Saved data entries
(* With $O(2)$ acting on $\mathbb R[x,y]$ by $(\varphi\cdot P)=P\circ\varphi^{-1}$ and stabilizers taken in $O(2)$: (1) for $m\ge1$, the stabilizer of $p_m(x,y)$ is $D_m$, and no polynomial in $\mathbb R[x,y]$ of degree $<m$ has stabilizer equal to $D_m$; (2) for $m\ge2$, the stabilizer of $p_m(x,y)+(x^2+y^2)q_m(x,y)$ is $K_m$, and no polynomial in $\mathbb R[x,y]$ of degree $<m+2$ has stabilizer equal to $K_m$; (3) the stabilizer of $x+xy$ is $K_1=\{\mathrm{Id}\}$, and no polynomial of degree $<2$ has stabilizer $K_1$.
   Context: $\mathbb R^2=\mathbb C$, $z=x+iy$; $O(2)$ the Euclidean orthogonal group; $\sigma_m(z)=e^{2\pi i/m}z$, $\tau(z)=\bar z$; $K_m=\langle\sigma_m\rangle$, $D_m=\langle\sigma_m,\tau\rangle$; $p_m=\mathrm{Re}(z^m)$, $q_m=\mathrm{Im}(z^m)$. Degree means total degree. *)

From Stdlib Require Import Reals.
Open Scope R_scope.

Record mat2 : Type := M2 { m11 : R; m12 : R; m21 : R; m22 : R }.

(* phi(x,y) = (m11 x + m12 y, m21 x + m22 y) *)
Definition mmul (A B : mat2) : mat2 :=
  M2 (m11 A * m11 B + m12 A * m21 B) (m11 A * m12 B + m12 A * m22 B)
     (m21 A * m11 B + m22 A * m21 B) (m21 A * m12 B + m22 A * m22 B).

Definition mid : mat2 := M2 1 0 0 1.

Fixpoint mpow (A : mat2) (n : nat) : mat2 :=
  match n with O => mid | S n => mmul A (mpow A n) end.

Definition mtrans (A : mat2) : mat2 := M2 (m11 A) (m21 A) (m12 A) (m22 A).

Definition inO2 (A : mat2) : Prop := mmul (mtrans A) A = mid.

• **Task details**: Each entry above is to be transcribed word for word.

• **Output for this exercise**:
(* With $O(2)$ acting on $\mathbb R[x,y]$ by $(\varphi\cdot P)=P\circ\varphi^{-1}$ and stabilizers taken in $O(2)$: (1) for $m\ge1$, the stabilizer of $p_m(x,y)$ is $D_m$, and no polynomial in $\mathbb R[x,y]$ of degree $<m$ has stabilizer equal to $D_m$; (2) for $m\ge2$, the stabilizer of $p_m(x,y)+(x^2+y^2)q_m(x,y)$ is $K_m$, and no polynomial in $\mathbb R[x,y]$ of degree $<m+2$ has stabilizer equal to $K_m$; (3) the stabilizer of $x+xy$ is $K_1=\{\mathrm{Id}\}$, and no polynomial of degree $<2$ has stabilizer $K_1$.
   Context: $\mathbb R^2=\mathbb C$, $z=x+iy$; $O(2)$ the Euclidean orthogonal group; $\sigma_m(z)=e^{2\pi i/m}z$, $\tau(z)=\bar z$; $K_m=\langle\sigma_m\rangle$, $D_m=\langle\sigma_m,\tau\rangle$; $p_m=\mathrm{Re}(z^m)$, $q_m=\mathrm{Im}(z^m)$. Degree means total degree. *)

From Stdlib Require Import Reals.
Open Scope R_scope.

Record mat2 : Type := M2 { m11 : R; m12 : R; m21 : R; m22 : R }.

(* phi(x,y) = (m11 x + m12 y, m21 x + m22 y) *)
Definition mmul (A B : mat2) : mat2 :=
  M2 (m11 A * m11 B + m12 A * m21 B) (m11 A * m12 B + m12 A * m22 B)
     (m21 A * m11 B + m22 A * m21 B) (m21 A * m12 B + m22 A * m22 B).

Definition mid : mat2 := M2 1 0 0 1.

Fixpoint mpow (A : mat2) (n : nat) : mat2 :=
  match n with O => mid | S n => mmul A (mpow A n) end.

Definition mtrans (A : mat2) : mat2 := M2 (m11 A) (m21 A) (m12 A) (m22 A).

Definition inO2 (A : mat2) : Prop := mmul (mtrans A) A = mid.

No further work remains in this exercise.